(* Gronwall: [polmass * expR (B t)] is nondecreasing. *)
Lemma polmass_gt0_persists (x : R -> state M) (a B : R) : solution M x -> 0 < a ->
  (forall nu, inX M nu ->
     - (B * polmass M nu c v) <= polmass M nu c v * imitation_gain nu) ->
  0 < polmass M (x a) c v -> forall t, a <= t -> 0 < polmass M (x t) c v.
Proof.
move=> x_sol a_gt0 rate_ge Xa_gt0 t le_at.
set X := fun r => polmass M (x r) c v; set E := fun r : R => expR (B * r).
have E_derive r : is_derive r (1 : R) E (expR (B * r) * B).
  apply: (is_derive1_comp (f := expR) (g := fun r => B * r)).
  by rewrite -[X in is_derive _ _ _ X]mulr1; apply: is_deriveZ.
have XE_mono : (X * E) a <= (X * E) t.
  rewrite -subr_ge0 -[X in X <= _](mul0r (t - a)).
  apply: (increment_ge (X * E)
    (fun r => X r *: (expR (B * r) * B) + E r *: (X r * imitation_gain (x r))) a t 0 le_at).
    move=> s /andP[le_as _]; apply: is_deriveM (E_derive s).
    by apply: (polmass_is_derive x s x_sol); lra.
  move=> s /andP[le_as _].
  have := rate_ge _ (proj1 x_sol s (ltW (lt_le_trans a_gt0 le_as))).
  rewrite /GRing.scale /= -/(X s) /E; have := expR_gt0 (B * s); nra.
have : 0 < X t * E t by apply: lt_le_trans XE_mono; rewrite /= mulr_gt0 ?expR_gt0.
by rewrite pmulr_lgt0 ?expR_gt0.
Qed.

Lemma polmass_escapes (x : R -> state M) (a K Bd : R) : solution M x -> 0 < a -> 0 < K ->
  (forall t, a <= t -> K <= imitation_gain (x t)) ->
  (forall t, a <= t -> polmass M (x t) c v <= Bd) ->
  0 < polmass M (x a) c v -> False.
Proof.
move=> x_sol a_gt0 K_gt0 gain_ge X_le Xa_gt0.
set X := fun r => polmass M (x r) c v.
have {}X_le t : a <= t -> X t <= Bd := X_le t.
have X_ge0 t : a <= t -> 0 <= X t.
  by move=> le_at; apply/polmass_ge0/(proj1 x_sol); lra.
have X_derive t : a <= t -> is_derive t (1 : R) X (X t * imitation_gain (x t)).
  by move=> le_at; apply: (polmass_is_derive x t x_sol); lra.
have X_mono t : a <= t -> X a <= X t.
  move=> le_at; rewrite -subr_ge0 -[X in X <= _](mul0r (t - a)).
  apply: increment_ge le_at _ _ => [s /andP[le_as _]|s /andP[le_as _]]; first exact: X_derive.
  by rewrite mulr_ge0 ?X_ge0 // (le_trans (ltW K_gt0)) ?gain_ge.
have X_lin t : a <= t -> K * X a * (t - a) <= X t - X a.
  move=> le_at; apply: increment_ge le_at _ _ => [s /andP[le_as _]|s /andP[le_as _]].
    exact: X_derive.
  have := X_mono s le_as; have := gain_ge s le_as; have := X_ge0 a (lexx a); nra.
have KX_gt0 : 0 < K * X a by rewrite mulr_gt0.
set t := a + (Bd - X a + 1) / (K * X a).
have le_at : a <= t by rewrite lerDl divr_ge0 ?(ltW KX_gt0) //; have := X_le a (lexx a); lra.
have t_sub : t - a = (Bd - X a + 1) / (K * X a) by rewrite /t addrC addKr.
have := X_lin t le_at; have := X_le t le_at.
by rewrite t_sub mulrC divfK ?gt_eqF //; lra.
Qed.

End ImitativeGrowth.

Section MassTransfer.
Context {R : realType} (M : model R).

Definition move_mass (mu : state M) (i j : Idx (St M) (Pol M)) (eta : R) : state M :=
  fun k => mu k + eta * ((k == j)%:R - (k == i)%:R).

Lemma move_mass_inX mu c (s s' : St M c) (u u' : Pol M c) eta :
  inX M mu -> 0 <= eta <= mu_at M mu s u -> inX M (move_mass mu (idx M s u) (idx M s' u') eta).
Proof.
move=> [mu_ge0 mu_sum] /andP[eta_ge0 eta_le]; split=> [k|c'].
  rewrite /move_mass; have [->|ki] := eqVneq k (idx M s u).
    by case: eqP => _; rewrite /= ?subrr ?mulr0 ?addr0 ?mu_ge0 // sub0r mulrN1 subr_ge0.
  by rewrite subr0 addr_ge0 ?mulr_ge0 ?mu_ge0.
rewrite /mu_at /move_mass.
under eq_bigr do rewrite big_split /=; rewrite big_split /= mu_sum.
under eq_bigr do rewrite -mulr_sumr sumrB.
by rewrite -mulr_sumr sumrB !sum_idx_delta subrr mulr0 addr0.
Qed.

Lemma move_mass_close mu i j eta d : 0 <= eta < d ->
  Defs.close M (move_mass mu i j eta) mu d.
Proof.
move=> /andP[eta_ge0 eta_lt] k; rewrite /move_mass addrAC subrr add0r normrM.
rewrite (ger0_norm eta_ge0); apply: le_lt_trans eta_lt.
rewrite ler_piMr //.
by case: eqP; case: eqP; rewrite ?subrr ?subr0 ?sub0r ?normrN ?normr0 ?normr1.
Qed.

End MassTransfer.

Section EscapeFromRest.
Context {R : realType} {M : model R} {c : 'I_(C M)} {vp : R -> R} {v : Pol M c}
  {mu_star : state M}.
Hypothesis st : standing M.
Hypothesis rhoE : forall pi x, pdist (mass M c) x -> forall u w,
  rho M c pi x u w = x w / mass M c * vp (pi w - pi u).
Hypothesis vp_le0 : forall d, d <= 0 -> vp d = 0.
Hypothesis vp_lip : real_lipschitz vp.
Hypothesis mu_star_X : inX M mu_star.
Hypothesis v_unused : polmass M mu_star c v = 0.
Hypothesis gain_gt0 : 0 < imitation_gain M c vp v mu_star.

Lemma imitation_gain_cont_at : cont_at (imitation_gain M c vp v) mu_star.
Proof.
have [N [N_open [X_N F_C1]]] : F_C1_near_X M by case: st => _ [_ [_ [_ [_ [_ []]]]]].
have F_cont u : cont_at (fun nu => F M c nu u) mu_star.
  exact: C1_cont_at N_open (X_N _ mu_star_X) (F_C1 c u).
have [L vpL] := vp_lip.
have vp_cont u u' : cont_at (fun nu => vp (F M c nu u - F M c nu u')) mu_star.
  by apply: (cont_at_lipschitz vp L) vpL _; apply: cont_at_sub.
apply: cont_at_mul (cont_at_cst _ _) _; apply: cont_at_sum => u'.
apply: cont_at_mul; last exact: cont_at_sub.
by rewrite /polmass /mu_at; apply: cont_at_sum => s; apply: cont_at_coord.
Qed.

(* Near mu_star the gain stays above half its value while the mass of v stays
   small, which contradicts [polmass_escapes]. *)
Lemma no_trap_near_rest : exists2 dl : R, 0 < dl & forall x, solution M x ->
  forall a, 0 < a -> 0 < polmass M (x a) c v ->
  ~ (forall t, a <= t -> Defs.close M (x t) mu_star dl).
Proof.
have K_gt0 : 0 < imitation_gain M c vp v mu_star / 2 by rewrite divr_gt0.
have [dl dl_gt0 gain_near] := imitation_gain_cont_at _ K_gt0.
exists dl => // x x_sol a a_gt0 Xa_gt0 trapped.
apply: (@polmass_escapes _ M c vp v st rhoE x a _ (#|St M c|%:R * dl)
  x_sol a_gt0 K_gt0 _ _ Xa_gt0)
  => t le_at.
  by have /ltr_normlP[] := gain_near _ (trapped t le_at); lra.
apply: le_trans (_ : \sum_(s : St M c) dl <= _); last first.
  by rewrite sumr_const cardT -cardE [X in _ <= X]mulr_natl.
apply: ler_sum => s _; have /ltr_normlP[_] := trapped t le_at (idx M s v).
have := mu_at_eq0 M mu_star c s v mu_star_X v_unused; rewrite /mu_at => ->.
by rewrite subr0 => /ltW.
Qed.

Lemma polmass_gt0_soon (x : R -> state M) (s : St M c) : solution M x ->
  0 < x 0 (idx M s v) -> exists2 a : R, 0 < a & 0 < polmass M (x a) c v.
Proof.
move=> x_sol x0_gt0; have [xX [_ x_rcont]] := x_sol.
have [d d_gt0 x_near] : exists2 d : R, 0 < d &
    forall t, 0 <= t -> t < d -> Defs.close M (x t) (x 0) (x 0 (idx M s v) / 2).
  by have [d [d_gt0 x_near]] := x_rcont _ (divr_gt0 x0_gt0 (ltr0Sn _ 1)); exists d.
have d2_gt0 : 0 < d / 2 by rewrite divr_gt0.
have d2_lt : d / 2 < d by lra.
exists (d / 2) => //; apply: lt_le_trans (mu_at_le_polmass M _ c s v (xX _ (ltW d2_gt0))).
have /ltr_normlP[] := x_near _ (ltW d2_gt0) d2_lt (idx M s v).
rewrite /mu_at; lra.
Qed.

Lemma rest_not_lyapunov_stable (s : St M c) (u : Pol M c) :
  well_posed M -> 0 < mu_at M mu_star s u -> ~ lyapunov_stable M mu_star.
Proof.
move=> [sol_exists _] mu_su_gt0 stable.
have [dl dl_gt0 no_trap] := no_trap_near_rest.
have [d [d_gt0 stay]] := stable _ dl_gt0.
set eta := Num.min (mu_at M mu_star s u) (d / 2).
have eta_gt0 : 0 < eta by rewrite lt_min mu_su_gt0 divr_gt0.
have eta_le : eta <= mu_at M mu_star s u by rewrite ge_min lexx.
have eta_lt : eta < d by rewrite gt_min; apply/orP; right; lra.
set mu0 := move_mass M mu_star (idx M s u) (idx M s v) eta.
have mu0X : inX M mu0 by apply: move_mass_inX; rewrite ?(ltW eta_gt0).
have [x [x_sol x0]] := sol_exists _ mu0X.
have mu_sv0 : mu_star (idx M s v) = 0 := mu_at_eq0 M mu_star c s v mu_star_X v_unused.
have x0_v : x 0 (idx M s v) = eta.
  have vu : v != u by apply: contraTneq mu_su_gt0 => <-; rewrite /mu_at mu_sv0 ltxx.
  have idx_vu : (idx M s v == idx M s u) = false.
    rewrite (@eq_Tagged _ (fun c => SU (St M) (Pol M) c) (idx M s v) (s, u)) /=.
    by rewrite xpair_eqE eqxx (negbTE vu).
  by rewrite x0 /mu0 /move_mass eqxx idx_vu mu_sv0 subr0 mulr1 add0r.
have x0v_gt0 : 0 < x 0 (idx M s v) by rewrite x0_v.
have [a a_gt0 Xa_gt0] := polmass_gt0_soon x s x_sol x0v_gt0.
apply: (no_trap x x_sol a a_gt0 Xa_gt0) => t le_at.
apply: stay x_sol _ _ (ltW (lt_le_trans a_gt0 le_at)).
by rewrite x0; apply: move_mass_close; rewrite ltW.
Qed.

Lemma rest_not_attracting (s : St M c) (x : R -> state M) : revision_protocol (rho M c) ->
  solution M x -> interiorX M (x 0) -> ~ converges_to M x mu_star.
Proof.
move=> rho_prot x_sol [_ x0_gt0] conv.
have [dl dl_gt0 no_trap] := no_trap_near_rest.
have [B _ rate_ge] := polmass_rate_ge M c vp v st rhoE vp_le0 rho_prot.
have [a0 a0_gt0 Xa0_gt0] := polmass_gt0_soon x s x_sol (x0_gt0 _).
have [T conv_T] := conv _ dl_gt0.
have a0_le : a0 <= Num.max T a0 by rewrite le_max lexx orbT.
apply: (no_trap x x_sol (Num.max T a0)) => [||t le_at]; first exact: lt_le_trans a0_gt0 a0_le.
  exact: polmass_gt0_persists x_sol a0_gt0 rate_ge Xa0_gt0 _ a0_le.
by apply: conv_T; apply: le_trans le_at; rewrite le_max lexx.
Qed.

End EscapeFromRest.


Theorem theorem1 (R : realType) (M : model R) (mu_star : state M) :
  standing M ->
  well_posed M ->
  (forall c, revision_protocol (rho M c)) ->
  (forall c, imitative_via_comparison (mass M c) (rho M c) \/
             excess_payoff (mass M c) (rho M c) \/
             pairwise_comparison (rho M c)) ->
  rest_point M mu_star ->
  ~ MSNE M mu_star ->
  ~ lyapunov_stable M mu_star /\
  (forall x : R -> state M, solution M x -> interiorX M (x 0) ->
     ~ converges_to M x mu_star).
Proof.
move=> st wp prot family rest not_msne.
have class_rest c := rest_point_class M st mu_star c (prot c) (family c) rest.
have [c not_nash] : exists c, ~ nash_class M mu_star c.
  apply/existsNP => nash; apply/not_msne/MSNE_of_nash_classes => // c'.
  exact: (class_rest c').1.
have [_ [//|[[vp [vp_lip [vp_le0 [vp_gt0 [_ [_ [rhoE _]]]]]]] eq_used]]] := class_rest c.
have [x_ge0 _] := polmass_pdist M mu_star c rest.1.
have [v [u [v_unused u_used lt_uv v_max]]] := better_unused_policy x_ge0 eq_used not_nash.
have gain_gt0 : 0 < imitation_gain M c vp v mu_star.
  rewrite mulr_gt0 ?invr_gt0 ?mass_gt0 //.
  exact: (net_imitation_gt0 _ vp_le0 vp_gt0 _ _ _ _ x_ge0 v_max u_used).
have [s mu_su_gt0] := polmass_gt0_exists M mu_star c u u_used.
split.
  exact: rest_not_lyapunov_stable st rhoE vp_lip rest.1 v_unused gain_gt0 s u wp mu_su_gt0.
move=> x; exact: rest_not_attracting st rhoE vp_le0 vp_lip rest.1 v_unused gain_gt0 s x (prot c).
Qed.
Lemma vadd_scale0 (x e : V3) : vadd x (vscale 0 e) = x.
Proof. apply V3_eq; cbn; ring. Qed.

Lemma dot_grad_of_line_derive (f : V3 -> R) (x : V3) (L : V3 -> R) (w : V3) :
  (forall e, is_derive (fun t => f (vadd x (vscale t e))) 0 (L e)) ->
  L w = vx w * L e1 + vy w * L e2 + vz w * L e3 ->
  dot w (grad f x) = L w.
Proof.
  intros Hf ->; unfold grad, partial, dot; cbn.
  now rewrite !(is_derive_unique _ _ _ (Hf _)).
Qed.

Lemma conv_deriv_of_line_derive (G : V3 -> V3) (x : V3) (L : V3 -> V3) (w : V3) :
  (forall e, is_derive_V3 (fun t => G (vadd x (vscale t e))) 0 (L e)) ->
  L w = vadd (vadd (vscale (vx w) (L e1)) (vscale (vy w) (L e2))) (vscale (vz w) (L e3)) ->
  conv_deriv w G x = L w.
Proof.
  intros HG Hw; apply V3_eq; cbn;
    [ apply (dot_grad_of_line_derive _ _ (fun e => vx (L e)))
    | apply (dot_grad_of_line_derive _ _ (fun e => vy (L e)))
    | apply (dot_grad_of_line_derive _ _ (fun e => vz (L e))) ];
    try (intros e; apply HG); rewrite Hw; cbn; ring.
Qed.

Lemma Ienergy_affine_l (beta e gamma0 r : V3) (t : R) :
  Ienergy (vadd beta (vscale t e)) gamma0 r = Ienergy beta gamma0 r + t * Ienergy e gamma0 r.
Proof. unfold Ienergy, dot, Rdiv; cbn; ring. Qed.

Lemma dot_grad_Ienergy_vort (beta gamma0 r w : V3) :
  dot w (grad (fun beta' => Ienergy beta' gamma0 r) beta) = Ienergy w gamma0 r.
Proof.
  apply (dot_grad_of_line_derive _ _ (fun e => Ienergy e gamma0 r)).
  - intros e; eapply is_derive_ext.
    { intros t; symmetry; apply Ienergy_affine_l. }
    eapply is_derive_eq.
    + apply is_derive_Rplus; [ apply is_derive_Rconst | ].
      apply is_derive_Rmult; [ apply (is_derive_id (K := R_AbsRing)) | apply is_derive_Rconst ].
    + cbn; ring.
  - unfold Ienergy, dot, Rdiv; cbn; ring.
Qed.

Lemma dot_grad_Ienergy_pos (beta gamma0 b c w : V3) : b <> c ->
  dot w (grad (fun b' => Ienergy beta gamma0 (vsub c b')) b)
  = - dIenergy_r beta gamma0 (vsub c b) w.
Proof.
  intros hbc; pose proof (vnorm_sub_pos c b (not_eq_sym hbc)) as Hq.
  apply (dot_grad_of_line_derive _ _ (fun e => - dIenergy_r beta gamma0 (vsub c b) e)).
  - intros e; eapply is_derive_eq.
    + apply is_derive_Ienergy.
      * apply is_derive_V3_const.
      * apply is_derive_V3_sub; [ apply is_derive_V3_const | apply is_derive_V3_line ].
      * cbv beta; rewrite vadd_scale0; lra.
    + cbv beta; rewrite vadd_scale0; unfold Ienergy, dIenergy_r, dot, Rdiv; cbn; ring.
  - unfold dIenergy_r, dot, Rdiv; cbn; ring.
Qed.

Definition dvel (wa a b e : V3) : V3 :=
  vadd (vscale (/ (4 * PI) * / vnorm (vsub a b) ^ 3) (cross wa e))
       (vscale (3 * dot (vsub a b) e / (4 * PI * vnorm (vsub a b) ^ 5))
               (cross wa (vsub b a))).

Lemma is_derive_V3_vel_line (wa a b e : V3) : a <> b ->
  is_derive_V3 (fun t => vel wa a (vadd b (vscale t e))) 0 (dvel wa a b e).
Proof.
  intros hab; pose proof (vnorm_sub_pos a b hab) as Hp; pose proof PI_RGT_0 as Hpi.
  pose proof (is_derive_V3_line b e 0) as Hline.
  assert (Hsub : is_derive_V3 (fun t => vsub a (vadd b (vscale t e))) 0 (vsub (mkV 0 0 0) e))
    by (apply is_derive_V3_sub; [ apply is_derive_V3_const | exact Hline ]).
  unfold vel; eapply is_derive_V3_eq.
  - apply is_derive_V3_scale.
    + apply is_derive_scal, is_derive_inv.
      * apply is_derive_pow, is_derive_vnorm; [ exact Hsub | ].
        cbv beta; rewrite vadd_scale0; lra.
      * cbv beta; rewrite vadd_scale0; apply pow_nonzero; lra.
    + apply is_derive_V3_cross; [ apply is_derive_V3_const | ].
      apply is_derive_V3_sub; [ exact Hline | apply is_derive_V3_const ].
  - cbv beta; rewrite vadd_scale0.
    unfold dvel; apply V3_eq; unfold dot; cbn [INR Init.Nat.pred vx vy vz vadd vscale vsub cross];
      field; lra.
Qed.
Lemma S_finite_of_spans_at L (b : M) (s : D) ys :
  L b -> S s -> (forall y, List.In y ys -> L y) ->
  (forall m, maximal_ideal m -> (forall d, colon_cyclic b d -> m d) ->
     spans_at m s ys L) ->
  S_finite S L.
Proof.
move=> Lb Ss ysL Hloc; exists s; split=> //; exists (b :: ys); split.
  by move=> g [<-|/ysL].
move=> x Lx; rewrite -[s *: x]scale1r.
pose T t := in_span (b :: ys) (t *: (s *: x)).
have colon_T d : colon_cyclic b d -> T d.
  by move=> /(_ (s *: x))[e]; rewrite /T => ->; apply/in_spanZ/in_span_mem; left.
apply: contrapT => T1.
have [m mm Tm] := ideal_sub_maximal (in_span_scale_ideal (b :: ys) (s *: x)) T1.
have [t mt Ht] := Hloc m mm (fun d cd => Tm d (colon_T d cd)) x Lx.
by apply/mt/Tm; apply: in_span_sub Ht => y; right.
Qed.

Lemma S_Noetherian_locally : S_Noetherian M S -> locally_S_Noetherian M S.
Proof. by move=> SN m mm; exact: S_Noetherian_loc. Qed.

Lemma S_Noetherian_of_locally :
  Defs.multiplicative S -> locally_S_Noetherian M S ->
  finite_character M -> S_Noetherian M S.
Proof.
move=> mulS LSN FC L subL.
have [[b Lb b0]|L0] := pselect (exists2 b, L b & b != 0); last first.
  exists 1; split; first by case: mulS.
  exists [::]; split=> // x Lx; have -> : x = 0.
    by apply: contrapT => /eqP x0; apply: L0; exists x.
  by rewrite scaler0; exact: in_span0.
have [l Hl] := finite_character_cover FC b0.
have [s Ss [ys ysL Hys]] := spans_at_seq l mulS LSN subL.
apply: (S_finite_of_spans_at Lb Ss ysL) => m mm colon_m.
exact: Hys (Hl m mm colon_m) mm.
Qed.

End Globalization.

Theorem proposition2p4 (D : idomainType) (M : lmodType D) (S : D -> Prop) :
  multiplicative S -> torsion_free M ->
  (S_Noetherian M S -> locally_S_Noetherian M S) /\
  (locally_S_Noetherian M S -> finite_character M -> S_Noetherian M S).
Proof.
move=> mulS _; split; first exact: S_Noetherian_locally.
exact: S_Noetherian_of_locally.
Qed.
Lemma approx_projection_contracts z y : M z -> enorm (z - ybar) < r / 2 ->
  nearest Q z y -> ~ M y -> enorm (Phi z y - y) <= c * enorm (z - y).
Proof.
move=> Mz z_close [Qy y_near] My.
have z_close' : enorm (z - ybar) < r by have := enorm_ge0 (z - ybar); lra.
have y_close : enorm (y - ybar) < r.
  have := enorm_triangle y z ybar; have := y_near ybar Q_ybar.
  by rewrite [enorm (y - z)]enormB; lra.
have zy : z - y != 0 by rewrite subr_eq0; apply: contra_notN My => /eqP <-.
have Qz : ~ Q z.
  move=> Qz; have := y_near z Qz; rewrite subrr enorm0.
  by have := enorm_gt0 zy; rewrite lt_leAnge => /andP[_ /negP].
have [p [Mp p_near]] := nearest_exists y M_closed Mz.
have py : p != y by apply: contra_notN My => /eqP <-.
have py' : p - y != 0 by rewrite subr_eq0.
have angle_y := separable Mz Qz z_close' (conj Qy y_near) My (conj Mp p_near).
have dot_y := dotp_le_cos_angle zy py' alpha_itv angle_y.
have pz : p <> z.
  move=> pz; move: dot_y; rewrite pz -enorm_sq expr2.
  by have := mulr_gt0 (enorm_gt0 zy) (enorm_gt0 zy); have := cos_lt1 alpha_range; nra.
have zp : z - p != 0 by rewrite subr_eq0 eq_sym; apply/eqP.
have yp : y - p != 0 by rewrite subr_eq0 eq_sym.
have angle_p := super_regular Mz My z_close' y_close (conj Mp p_near) pz.
have dot_p := dotp_le_cos_angle zp yp beta_itv angle_p.
have p_le := dist_le_of_angle_bounds cos_beta_ge0 py (p_near z Mz) dot_y dot_p.
have Phi_le := faithful Mz My z_close' y_close (conj Mp p_near) angle_y.
apply: le_trans (enorm_triangle _ p _) _.
move: Phi_le; rewrite enormB [enorm (y - z)]enormB.
by have := enorm_ge0 (z - y); have := c_ge; nra.
Qed.
Lemma leq_card_lines (f : T -> {set T}) :
  injective f -> (forall v, f v \in lines e) -> #|T| <= #|lines e|.
Proof.
move=> f_inj f_lines; rewrite -(card_imset (mem T) f_inj); apply: subset_leq_card.
by apply/subsetP => L /imsetP [v _ ->].
Qed.

End Lines.

Lemma inj_by_rank (A B : eqType) (f : A -> B) (r : A -> nat) :
  (forall u v, r u <= r v -> u != v -> f u != f v) -> injective f.
Proof.
move=> Hf u v Euv; case: (eqVneq u v) => // Nuv; exfalso.
have [Hle|/ltnW Hle] := leqP (r u) (r v).
  by move: (Hf _ _ Hle Nuv); rewrite Euv eqxx.
by move: (Hf _ _ Hle); rewrite eq_sym Nuv Euv eqxx => /(_ isT).
Qed.

Lemma neq_mem (T : finType) (A : {set T}) u v : u \in A -> (v \in A) = false -> (u == v) = false.
Proof. by move=> Hu; apply: contraFF => /eqP <-. Qed.

Lemma stable_adj (T : finType) (e : rel T) (A : {set T}) u v :
  stable e A -> u \in A -> v \in A -> e u v = false.
Proof. by move=> /forall_inP /(_ u) HA Hu Hv; apply/negbTE; move/forall_inP: (HA Hu); apply. Qed.

Record tripartite (T : finType) (e : rel T) (X Y Z : {set T}) : Prop := Tripartite {
  tp_sym : symmetric e;
  tp_Y0 : Y != set0;
  tp_Z0 : Z != set0;
  tp_disjXY : [disjoint X & Y];
  tp_disjYZ : [disjoint Y & Z];
  tp_disjXZ : [disjoint X & Z];
  tp_cover : X :|: Y :|: Z = [set: T];
  tp_stableX : stable e X;
  tp_stableY : stable e Y;
  tp_stableZ : stable e Z;
  tp_adjYZ : forall y z, y \in Y -> z \in Z -> e y z;
  tp_nbrY : forall x, x \in X -> exists2 y, y \in Y & e x y;
  tp_nbrZ : forall x, x \in X -> exists2 z, z \in Z & e x z
}.

Lemma tripartite_swap (T : finType) (e : rel T) X Y Z :
  tripartite e X Y Z -> tripartite e X Z Y.
Proof.
case=> Hsym HY HZ HXY HYZ HXZ Hcov HsX HsY HsZ HadjYZ HnbrY HnbrZ.
split => //; first by rewrite disjoint_sym.
- by rewrite -setUA (setUC Z) setUA.
- by move=> z y Hz Hy; rewrite Hsym HadjYZ.
Qed.

Section Tripartite.
Variables (T : finType) (e : rel T) (X Y Z : {set T}).
Hypothesis tp : tripartite e X Y Z.

Lemma adj_sym u v : e u v = e v u.
Proof. exact: (tp_sym tp). Qed.

Lemma partP w : [\/ w \in X, w \in Y | w \in Z].
Proof.
have : w \in X :|: Y :|: Z by rewrite (tp_cover tp) inE.
by rewrite !inE -orbA => /or3P.
Qed.

Lemma notX_Y w : w \in Y -> (w \in X) = false. Proof. exact: disjointFl (tp_disjXY tp). Qed.
Lemma notX_Z w : w \in Z -> (w \in X) = false. Proof. exact: disjointFl (tp_disjXZ tp). Qed.
Lemma notY_X w : w \in X -> (w \in Y) = false. Proof. exact: disjointFr (tp_disjXY tp). Qed.
Lemma notY_Z w : w \in Z -> (w \in Y) = false. Proof. exact: disjointFl (tp_disjYZ tp). Qed.
Lemma notZ_X w : w \in X -> (w \in Z) = false. Proof. exact: disjointFr (tp_disjXZ tp). Qed.
Lemma notZ_Y w : w \in Y -> (w \in Z) = false. Proof. exact: disjointFr (tp_disjYZ tp). Qed.

Lemma adj_XX u v : u \in X -> v \in X -> e u v = false.
Proof. exact: stable_adj (tp_stableX tp). Qed.
Lemma adj_YY u v : u \in Y -> v \in Y -> e u v = false.
Proof. exact: stable_adj (tp_stableY tp). Qed.
Lemma adj_YZ u v : u \in Y -> v \in Z -> e u v. Proof. exact: (tp_adjYZ tp). Qed.
Lemma adj_ZY u v : u \in Z -> v \in Y -> e u v. Proof. by move=> Hu Hv; rewrite adj_sym adj_YZ. Qed.

Lemma common_nbr_sym u v : has_common_nbr e u v = has_common_nbr e v u.
Proof.
by apply/existsP/existsP => -[w /andP [H1 H2]]; exists w; rewrite adj_sym H2 adj_sym H1.
Qed.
___
* TASK STATEMENT *
Display each line of the data where "realType" occurs.

* WRITTEN RESPONSE *
Context {R : realType} (M : model R).
Context {R : realType} {M : model R} {c : 'I_(C M)} {vp : R -> R} {v : Pol M c}
Theorem theorem1 (R : realType) (M : model R) (mu_star : state M) :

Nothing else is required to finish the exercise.